Nothing beats good pancakes made from scratch! Mel is the main cook for breakfast, and I am his prep chef. This recipe calls for two prep bowls. I prepare the dry bowl ingredients the night before. It makes for a much quicker breakfast in the morning. Cook up some sausage to go with it and you have some deliciousness going on!
Ingredients
Wet Bowl:
- 1 egg
- 1/8 cup vegetable oil
- 3/4 cup milk
- 1/4 teaspoon vanilla
Dry Bowl:
- 1 cup flour
- 1 1/2 tablespoon sugar
- 2 teaspoon baking powder
- 1/2 teaspoon salt
- 1/4 teaspoon baking soda
Directions
- Fold together – don’t mix too much – keep thick and lumpy.
- Let recipe rest 10 minutes while getting griddle heated to 350 degrees.
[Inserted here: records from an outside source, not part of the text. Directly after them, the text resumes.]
(* Let $\alpha,\gamma\in\mathbb{C}$ and $\Delta\in\mathbb{C}^*$. Consider extensions of conformal $\mathrm{SV}$-modules $$0\to \mathbb{C}c_\gamma\to E\to V(\alpha,\Delta)\to 0,$$ realized as $E=\mathbb{C}c_\gamma\oplus\mathbb{C}[\partial]v_\Delta$ (as $\mathbb{C}[\partial]$-modules), with $\mathbb{C}c_\gamma$ an $\mathrm{SV}$-submodule and $$L_\lambda v_\Delta=(\partial+\alpha+\Delta\lambda)v_\Delta+f(\lambda)c_\gamma,\quad M_\lambda v_\Delta=g(\lambda)c_\gamma,\quad Y_\lambda v_\Delta=h(\lambda)c_\gamma,$$ for polynomials $f,g,h\in\mathbb{C}[\lambda]$. Nontrivial extensions of this form exist if and only if $\alpha+\gamma=0$ and $\Delta\in\{1,2,-\tfrac12\}$. In these cases they are given, up to equivalence, by: (i) $\Delta=1$: $g=h=0$, $f(\lambda)=a_2\lambda^2$ with $a_2\neq0$; (ii) $\Delta=2$: $g=h=0$, $f(\lambda)=a_3\lambda^3$ with $a_3\neq0$; (iii) $\Delta=-\tfrac12$: $f=g=0$, $h(\lambda)=b_0$ with $b_0\neq0$. In particular, $\mathrm{Ext}(V(\alpha,\Delta),\mathbb{C}c_{-\alpha})$ is $1$-dimensional in each of the cases (i)–(iii).
   Context: A Lie conformal algebra is a $\mathbb{C}[\partial]$-module $R$ with a $\mathbb{C}$-bilinear $\lambda$-bracket $R\otimes R\to\mathbb{C}[\lambda]\otimes R$, $a\otimes b\mapsto[a_\lambda b]$, satisfying $[\partial a_\lambda b]=-\lambda[a_\lambda b]$, $[a_\lambda\partial b]=(\partial+\lambda)[a_\lambda b]$, $[a_\lambda b]=-[b_{-\lambda-\partial}a]$, and $[a_\lambda[b_\mu c]]=[[a_\lambda b]_{\lambda+\mu}c]+[b_\mu[a_\lambda c]]$. A conformal module over $R$ is a $\mathbb{C}[\partial]$-module $V$ with a linear map $a\mapsto a_\lambda\in\mathrm{End}_{\mathbb{C}}(V)\otimes\mathbb{C}[\lambda]$ such that $[a_\lambda,b_\mu]=[a_\lambda b]_{\lambda+\mu}$ and $(\partial a)_\lambda=[\partial,a_\lambda]=-\lambda a_\lambda$. The Schrödinger–Virasoro conformal algebra $\mathrm{SV}$ is the free $\mathbb{C}[\partial]$-module with basis $L,M,Y$ whose nonzero $\lambda$-brackets (up to skew-symmetry) are $[L_\lambda L]=(\partial+2\lambda)L$, $[L_\lambda Y]=(\partial+\tfrac32\lambda)Y$, $[L_\lambda M]=(\partial+\lambda)M$, $[Y_\lambda Y]=(\partial+2\lambda)M$. For $\alpha,\Delta\in\mathbb{C}$, $V(\alpha,\Delta)=\mathbb{C}[\partial]v_\Delta$ is the free rank-one module with $L_\lambda v_\Delta=(\partial+\alpha+\Delta\lambda)v_\Delta$, $M_\lambda v_\Delta=Y_\lambda v_\Delta=0$. For $\gamma\in\mathbb{C}$, $\mathbb{C}c_\gamma$ is the one-dimensional module with $\partial c_\gamma=\gamma c_\gamma$ and all $\lambda$-actions zero. An extension of $W$ by $V$ is an exact sequence of conformal modules $0\to V\to E\to W\to0$; two extensions are equivalent if there is a module homomorphism between the middle terms commuting with the identity maps on $V$ and $W$; an extension is trivial if equivalent to $V\oplus W$. $\mathrm{Ext}(W,V)$ denotes the vector space of extension cocycles modulo coboundaries (cocycles giving trivial extensions). *)

(* The field of complex numbers is R[i] = complex R for an
   arbitrary model R : realType of the real numbers. *)
From HB Require Import structures.
From mathcomp Require Import all_boot all_order all_algebra.
From mathcomp Require Import reals.
From mathcomp Require Export complex.
Set Implicit Arguments. Unset Strict Implicit. Unset Printing Implicit Defensive.
Import Order.TTheory GRing.Theory Num.Theory.
Local Open Scope ring_scope.

(* The three C[d]-basis elements L, M, Y of the Schroedinger-Virasoro
   conformal algebra SV. *)
Inductive sv_gen := svL | svM | svY.

Section SV.
Variable C : fieldType.

(* The lambda-brackets listed in the paper: [x_l y] = sum_z P(l, d) z, where
   br_given x y z l d is the value of the polynomial P at (lambda, partial)
   = (l, d).  Only the listed (nonzero) brackets. *)
Definition br_given (x y z : sv_gen) (l d : C) : C :=
  match x, y, z with
  | svL, svL, svL => d + 2 * l
  | svL, svY, svY => d + 3%:R / 2%:R * l
  | svL, svM, svM => d + l
  | svY, svY, svM => d + 2 * l
  | _, _, _ => 0
  end.

(* All brackets, the remaining ones obtained by skew-symmetry
   [b_l a] = - [a_{-l-d} b]. *)
Definition sv_br (x y z : sv_gen) (l d : C) : C :=
  match x, y with
  | svY, svL | svM, svL => - br_given y x z (- l - d) d
  | _, _ => br_given x y z l d
  end.

(* Since SV is
   free over C[d] on L,M,Y, the action of SV is determined by the actions of
   the generators, extended by (d a)_l = -l a_l; consequently
   ([x_l y] = P(l,d) z)  gives  [x_l y]_(l+m) = P(l, -(l+m)) z_(l+m). *)
Definition is_conf_mod (V : lmodType C) (d : V -> V)
    (act : sv_gen -> C -> V -> V) : Prop :=
  [/\ (forall (k : C) (u v : V), d (k *: u + v) = k *: d u + d v),
      (forall x l (k : C) (u v : V),
          act x l (k *: u + v) = k *: act x l u + act x l v),
      (forall x l (v : V), act x l (d v) = d (act x l v) + l *: act x l v)
    & (forall x y l m (v : V),
          act x l (act y m v) - act y m (act x l v)
          = \sum_(z <- [:: svL; svM; svY])
               sv_br x y z l (- (l + m)) *: act z (l + m) v)].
- Pour a 1/2 teaspoon vegetable oil on griddle and wipe it around with a paper towel.
- Pour 1/4 cup measurement on griddle.
- Cook 2-3 minutes and turn. Only cook 1-2 minutes on the second side.
- If wanting to keep them warm for company, put oven-safe plate with pancakes in 200 degree oven on a wire rack until ready to eat.